# Seiko 'age Of Discovery'



## redmonaco (Nov 29, 2004)

I saw some pics that really impressed me the other day regarding the above series. Anyone know if they are still current or where to look to buy them please. The range seemed quite large with perpetual calendars, moonphase etc. models.


----------



## N_B (Jan 8, 2006)

Two random notes i came across whilst checking out Seiko's online. Easy enuff to sniff out sites with such info/pics of models from the range at the time.

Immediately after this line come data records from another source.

(* Let $1\leq s\leq r\leq n$ and $d=n+r+2$. For a general $n$-tuple $(A_1,\dots,A_n)\in X^{n,r,s}$, the corresponding local algebra has socle dimension $r-s+1$; equivalently $\dim_{\mathbb{K}}\bigcap_{i=1}^n\ker A_i=r-s+1$.
   Context: $\mathbb{K}$ is algebraically closed of characteristic zero. $X^{n,r,s}$ is the set of $n$-tuples $(A_1,\dots,A_n)$ of pairwise commuting $d\times d$ matrices over $\mathbb{K}$ for which there is a basis of $\mathbb{K}^d$ in which each $A_i$ has the block form $$A_i=\begin{bmatrix}0 & b_i^T & c_i^T & 0\\ 0&0&D_i&0\\ 0&0&0&f_i\\ 0&0&0&0\end{bmatrix}$$ with diagonal blocks of sizes $1,r,n,1$, where $b_i\in\mathbb{K}^r$, $c_i,f_i\in\mathbb{K}^n$, $D_i\in\mathbb{K}^{r\times n}$, such that $f_1,\dots,f_n$ are linearly independent, $\bigcap_i\ker D_i^T=0$, and $\dim\operatorname{Span}\{b_1,\dots,b_n\}=s$. Such a tuple has a cyclic vector $v$ (the last basis vector) and corresponds to the local algebra $R/I$, $R=\mathbb{K}[\alpha_1,\dots,\alpha_n]$, where $I$ is the kernel of $f\mapsto f(A_1,\dots,A_n)v$; its socle dimension equals $\dim\bigcap_i\ker A_i$. ''General'' means: for all tuples in a nonempty open subset of $X^{n,r,s}$. *)

From HB Require Import structures.
From mathcomp Require Import all_boot all_order all_algebra.
From mathcomp Require Import mpoly.
From mathcomp Require Import zify.
Set Implicit Arguments. Unset Strict Implicit. Unset Printing Implicit Defensive.
Import Order.TTheory GRing.Theory Num.Theory.
Local Open Scope ring_scope.

(* Dimension bookkeeping: blocks of sizes 1, r, n, 1, so d = n + r + 2. *)
Lemma blk_dimE (n r : nat) : (1 + (r + (n + 1)) = n + r + 2)%N.
Proof. lia. Qed.

(* The block matrix
     [ 0  b^T  c^T  0 ]
     [ 0   0    D   0 ]
     [ 0   0    0   f ]
     [ 0   0    0   0 ]
   with diagonal blocks of sizes 1, r, n, 1, viewed as a (n+r+2)x(n+r+2) matrix. *)
Definition blockform (K : nzRingType) (n r : nat)
  (b : 'cV[K]_r) (c f : 'cV[K]_n) (D : 'M[K]_(r, n)) : 'M[K]_(n + r + 2) :=
  castmx (blk_dimE n r, blk_dimE n r)
    (block_mx (0 : 'M[K]_1) (row_mx b^T (row_mx c^T (0 : 'M[K]_1)))
              (0 : 'M[K]_(r + (n + 1), 1))
              (block_mx (0 : 'M[K]_r) (row_mx D (0 : 'M[K]_(r, 1)))
                        (0 : 'M[K]_(n + 1, r))
                        (block_mx (0 : 'M[K]_n) f (0 : 'M[K]_(1, n)) (0 : 'M[K]_1)))).

(* The variety X^{n,r,s}: n-tuples of pairwise commuting (n+r+2)x(n+r+2) matrices
   which, in some basis (columns of an invertible P), have the above block form with
   f_1..f_n linearly independent, /\_i ker D_i^T = 0, dim Span{b_i} = s. *)
Definition in_X (K : fieldType) (n r s : nat) (A : 'I_n -> 'M[K]_(n + r + 2)) : Prop :=
  (forall i j, A i *m A j = A j *m A i) /\
  exists (P : 'M[K]_(n + r + 2)) (b : 'I_n -> 'cV[K]_r) (c f : 'I_n -> 'cV[K]_n)
         (D : 'I_n -> 'M[K]_(r, n)),
    [/\ P \in unitmx,
        forall i, invmx P *m A i *m P = blockform (b i) (c i) (f i) (D i),
        row_free (\matrix_(i < n) (f i)^T),
        (forall v : 'cV[K]_r, (forall i, (D i)^T *m v = 0) -> v = 0)
      & \rank (\matrix_(i < n) (b i)^T) = s].
Lemma tree_iso_trans b a c : tree_iso a b -> tree_iso b c -> tree_iso a c.
Proof.
elim: a b c => [|a1 IH1 a2 IH2] [|b1 b2] [|c1 c2] //=.
case/orP=> /andP[h1 h2] /orP[] /andP[g1 g2].
- by rewrite (IH1 _ _ h1 g1) (IH2 _ _ h2 g2).
- by rewrite (IH1 _ _ h1 g1) (IH2 _ _ h2 g2) orbT.
- by rewrite (IH1 _ _ h1 g2) (IH2 _ _ h2 g1) orbT.
- by rewrite (IH1 _ _ h1 g2) (IH2 _ _ h2 g1).
Qed.

Lemma ninternal_iso a b : tree_iso a b -> ninternal a = ninternal b.
Proof.
elim: a b => [|a1 IH1 a2 IH2] [|b1 b2] //=.
by case/orP=> /andP[/IH1 -> /IH2 ->] //; rewrite addnC.
Qed.

Lemma nleaves_iso a b : tree_iso a b -> nleaves a = nleaves b.
Proof. by rewrite !nleaves_ninternal => /ninternal_iso ->. Qed.

Lemma prod_internal_iso a b : tree_iso a b -> prod_internal a = prod_internal b.
Proof.
elim: a b => [|a1 IH1 a2 IH2] [|b1 b2] //=.
case/orP=> /andP[h1 h2]; rewrite (IH1 _ h1) (IH2 _ h2) (ninternal_iso h1) (ninternal_iso h2) //.
by rewrite [ninternal b2 + _]addnC mulnAC.
Qed.

Lemma nsym_le_ninternal t : nsym t <= ninternal t.
Proof. by elim: t => //= l hl r hr; case: (tree_iso l r) => /=; lia. Qed.

Fixpoint plane_reps (t : ptree) : seq ptree :=
  match t with
  | Leaf => [:: Leaf]
  | Node l r => [seq Node a b | a <- plane_reps l, b <- plane_reps r] ++
      (if tree_iso l r then [::] else [seq Node a b | a <- plane_reps r, b <- plane_reps l])
  end.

The Age of Discovery series from Seiko comprised many models utilising various calibres of the time. Introduced in the early 1990s, the styling was distinctive with a nautical flavour.

_1990 Hattori Seiko Co., Ltd. renamed as Seiko Corporation._

Seiko serves as Official Timer of World Cup Soccer Championships in Italy.

*Introduction of the Seiko "The Age of Discovery" collection.*

Introduction of the Seiko Scubamaster, world's first computerised diver's watch to incorporate a dive table.

Introduction of the Seiko Receptor Message Watch incorporating a miniaturised FM subcarrier.


----------



## redmonaco (Nov 29, 2004)

Thanks for your efforts re the above. Can't seem to find any for sale anywhere unfortunately. There arent even any on the dreaded bay worldwide...!!


----------